▶ RECORD EXCERPTS:
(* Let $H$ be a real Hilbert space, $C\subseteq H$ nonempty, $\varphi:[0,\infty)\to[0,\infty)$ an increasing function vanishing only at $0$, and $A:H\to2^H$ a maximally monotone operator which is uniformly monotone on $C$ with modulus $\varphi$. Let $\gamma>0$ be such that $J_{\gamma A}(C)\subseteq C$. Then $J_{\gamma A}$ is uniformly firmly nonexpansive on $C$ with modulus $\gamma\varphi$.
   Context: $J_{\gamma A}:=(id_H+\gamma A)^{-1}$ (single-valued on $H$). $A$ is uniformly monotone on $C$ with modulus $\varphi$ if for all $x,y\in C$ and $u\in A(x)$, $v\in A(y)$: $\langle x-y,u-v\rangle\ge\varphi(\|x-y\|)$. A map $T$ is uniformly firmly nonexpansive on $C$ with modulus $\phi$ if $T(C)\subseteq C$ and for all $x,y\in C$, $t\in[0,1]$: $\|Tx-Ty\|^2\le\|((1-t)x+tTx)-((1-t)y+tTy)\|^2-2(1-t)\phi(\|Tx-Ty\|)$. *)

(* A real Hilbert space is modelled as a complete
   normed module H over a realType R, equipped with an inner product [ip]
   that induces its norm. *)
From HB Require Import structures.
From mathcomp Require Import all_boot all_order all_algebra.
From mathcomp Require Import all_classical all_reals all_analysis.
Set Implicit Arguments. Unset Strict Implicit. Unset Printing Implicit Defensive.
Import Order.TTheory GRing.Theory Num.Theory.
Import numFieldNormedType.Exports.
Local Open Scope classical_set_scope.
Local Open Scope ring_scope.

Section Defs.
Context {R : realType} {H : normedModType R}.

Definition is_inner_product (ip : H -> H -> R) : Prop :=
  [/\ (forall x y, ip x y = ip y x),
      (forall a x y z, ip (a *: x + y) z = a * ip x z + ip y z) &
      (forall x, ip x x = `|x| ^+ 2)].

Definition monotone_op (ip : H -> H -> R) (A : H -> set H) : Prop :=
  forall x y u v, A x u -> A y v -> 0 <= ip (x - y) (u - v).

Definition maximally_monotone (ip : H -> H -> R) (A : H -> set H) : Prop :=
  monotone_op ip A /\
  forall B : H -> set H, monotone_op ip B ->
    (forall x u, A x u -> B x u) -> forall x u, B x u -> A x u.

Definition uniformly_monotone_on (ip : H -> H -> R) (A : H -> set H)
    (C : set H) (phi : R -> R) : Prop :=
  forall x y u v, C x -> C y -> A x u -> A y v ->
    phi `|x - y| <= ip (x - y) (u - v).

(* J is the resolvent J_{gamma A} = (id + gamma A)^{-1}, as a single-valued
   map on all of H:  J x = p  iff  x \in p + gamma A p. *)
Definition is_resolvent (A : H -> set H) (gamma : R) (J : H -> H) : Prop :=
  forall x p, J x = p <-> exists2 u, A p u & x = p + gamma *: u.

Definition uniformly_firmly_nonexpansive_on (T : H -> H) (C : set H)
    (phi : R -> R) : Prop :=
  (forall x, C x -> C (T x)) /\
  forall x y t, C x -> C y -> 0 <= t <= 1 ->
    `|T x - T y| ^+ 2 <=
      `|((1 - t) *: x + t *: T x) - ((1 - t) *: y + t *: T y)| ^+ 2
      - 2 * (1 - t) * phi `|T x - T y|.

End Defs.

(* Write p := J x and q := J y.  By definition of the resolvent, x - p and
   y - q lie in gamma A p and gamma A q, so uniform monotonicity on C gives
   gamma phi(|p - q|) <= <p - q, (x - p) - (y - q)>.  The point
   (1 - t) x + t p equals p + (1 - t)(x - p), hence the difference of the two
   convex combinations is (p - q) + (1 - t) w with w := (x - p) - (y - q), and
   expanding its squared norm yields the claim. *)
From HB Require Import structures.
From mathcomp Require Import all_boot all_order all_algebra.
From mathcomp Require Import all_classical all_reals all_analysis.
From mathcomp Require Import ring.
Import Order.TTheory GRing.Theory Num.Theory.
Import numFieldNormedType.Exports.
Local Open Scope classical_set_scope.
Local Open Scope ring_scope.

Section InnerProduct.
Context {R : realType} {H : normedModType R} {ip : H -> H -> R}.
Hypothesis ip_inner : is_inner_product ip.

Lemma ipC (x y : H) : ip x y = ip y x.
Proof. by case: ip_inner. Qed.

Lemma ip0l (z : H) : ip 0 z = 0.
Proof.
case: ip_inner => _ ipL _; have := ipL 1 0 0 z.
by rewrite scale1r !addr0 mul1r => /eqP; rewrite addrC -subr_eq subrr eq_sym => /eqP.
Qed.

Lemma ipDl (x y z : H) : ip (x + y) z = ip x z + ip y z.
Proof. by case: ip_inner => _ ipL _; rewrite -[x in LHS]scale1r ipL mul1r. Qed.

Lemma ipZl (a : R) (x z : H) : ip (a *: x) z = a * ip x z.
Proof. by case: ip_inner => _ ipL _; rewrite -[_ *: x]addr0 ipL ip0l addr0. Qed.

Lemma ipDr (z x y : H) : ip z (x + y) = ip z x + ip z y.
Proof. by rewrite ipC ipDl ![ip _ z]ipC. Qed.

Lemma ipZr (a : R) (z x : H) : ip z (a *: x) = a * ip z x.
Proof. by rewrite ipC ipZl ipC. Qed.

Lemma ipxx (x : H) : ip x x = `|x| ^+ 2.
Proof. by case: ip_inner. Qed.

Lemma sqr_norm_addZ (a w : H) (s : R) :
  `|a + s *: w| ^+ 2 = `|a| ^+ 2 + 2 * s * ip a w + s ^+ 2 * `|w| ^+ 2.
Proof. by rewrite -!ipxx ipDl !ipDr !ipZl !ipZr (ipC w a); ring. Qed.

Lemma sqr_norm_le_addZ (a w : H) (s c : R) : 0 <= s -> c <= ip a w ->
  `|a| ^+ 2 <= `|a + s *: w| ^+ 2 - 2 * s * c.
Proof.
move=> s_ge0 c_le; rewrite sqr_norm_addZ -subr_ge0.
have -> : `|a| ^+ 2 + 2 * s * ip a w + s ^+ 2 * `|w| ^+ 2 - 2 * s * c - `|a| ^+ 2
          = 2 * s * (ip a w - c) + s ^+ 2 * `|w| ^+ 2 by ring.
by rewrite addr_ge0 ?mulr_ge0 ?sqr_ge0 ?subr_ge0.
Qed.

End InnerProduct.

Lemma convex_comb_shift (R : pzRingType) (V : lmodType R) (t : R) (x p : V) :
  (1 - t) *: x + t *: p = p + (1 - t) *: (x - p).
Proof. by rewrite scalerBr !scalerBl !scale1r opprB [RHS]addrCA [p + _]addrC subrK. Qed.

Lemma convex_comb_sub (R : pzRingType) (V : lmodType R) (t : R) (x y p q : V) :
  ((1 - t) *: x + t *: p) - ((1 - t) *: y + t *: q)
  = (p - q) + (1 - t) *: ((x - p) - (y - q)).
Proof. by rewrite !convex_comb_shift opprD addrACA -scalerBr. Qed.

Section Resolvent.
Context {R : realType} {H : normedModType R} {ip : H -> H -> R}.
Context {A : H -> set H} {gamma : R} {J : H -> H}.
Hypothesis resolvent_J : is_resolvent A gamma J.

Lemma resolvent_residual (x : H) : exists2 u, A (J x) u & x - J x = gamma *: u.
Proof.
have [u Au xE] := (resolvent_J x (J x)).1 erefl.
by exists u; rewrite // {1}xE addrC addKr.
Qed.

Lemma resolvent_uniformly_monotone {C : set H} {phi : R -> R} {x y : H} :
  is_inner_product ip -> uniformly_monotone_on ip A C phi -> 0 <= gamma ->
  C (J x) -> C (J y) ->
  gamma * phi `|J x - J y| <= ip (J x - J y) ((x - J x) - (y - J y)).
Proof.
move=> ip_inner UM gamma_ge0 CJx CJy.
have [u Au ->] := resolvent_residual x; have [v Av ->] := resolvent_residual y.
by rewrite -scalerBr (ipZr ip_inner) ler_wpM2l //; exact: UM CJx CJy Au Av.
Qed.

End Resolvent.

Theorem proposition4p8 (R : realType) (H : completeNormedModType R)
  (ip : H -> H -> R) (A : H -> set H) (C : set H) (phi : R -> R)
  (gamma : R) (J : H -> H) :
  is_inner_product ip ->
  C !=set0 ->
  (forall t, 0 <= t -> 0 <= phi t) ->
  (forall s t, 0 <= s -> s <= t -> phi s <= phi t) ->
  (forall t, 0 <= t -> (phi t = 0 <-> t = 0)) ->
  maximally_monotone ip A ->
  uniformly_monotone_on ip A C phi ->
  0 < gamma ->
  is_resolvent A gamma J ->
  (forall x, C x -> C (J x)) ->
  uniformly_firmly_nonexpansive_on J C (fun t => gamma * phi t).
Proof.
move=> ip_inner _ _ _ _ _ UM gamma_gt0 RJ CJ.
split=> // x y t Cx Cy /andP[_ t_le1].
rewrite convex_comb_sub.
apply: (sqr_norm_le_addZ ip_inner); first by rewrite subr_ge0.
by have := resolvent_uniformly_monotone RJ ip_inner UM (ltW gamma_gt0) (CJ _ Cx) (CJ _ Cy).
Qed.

▶ REQUIRED WORK: Retype the records above from the very first line down to the line with "normed module H", keeping both of those lines. Include nothing beyond them.

▶ EXERCISE SOLUTION:
(* Let $H$ be a real Hilbert space, $C\subseteq H$ nonempty, $\varphi:[0,\infty)\to[0,\infty)$ an increasing function vanishing only at $0$, and $A:H\to2^H$ a maximally monotone operator which is uniformly monotone on $C$ with modulus $\varphi$. Let $\gamma>0$ be such that $J_{\gamma A}(C)\subseteq C$. Then $J_{\gamma A}$ is uniformly firmly nonexpansive on $C$ with modulus $\gamma\varphi$.
   Context: $J_{\gamma A}:=(id_H+\gamma A)^{-1}$ (single-valued on $H$). $A$ is uniformly monotone on $C$ with modulus $\varphi$ if for all $x,y\in C$ and $u\in A(x)$, $v\in A(y)$: $\langle x-y,u-v\rangle\ge\varphi(\|x-y\|)$. A map $T$ is uniformly firmly nonexpansive on $C$ with modulus $\phi$ if $T(C)\subseteq C$ and for all $x,y\in C$, $t\in[0,1]$: $\|Tx-Ty\|^2\le\|((1-t)x+tTx)-((1-t)y+tTy)\|^2-2(1-t)\phi(\|Tx-Ty\|)$. *)

(* A real Hilbert space is modelled as a complete
   normed module H over a realType R, equipped with an inner product [ip]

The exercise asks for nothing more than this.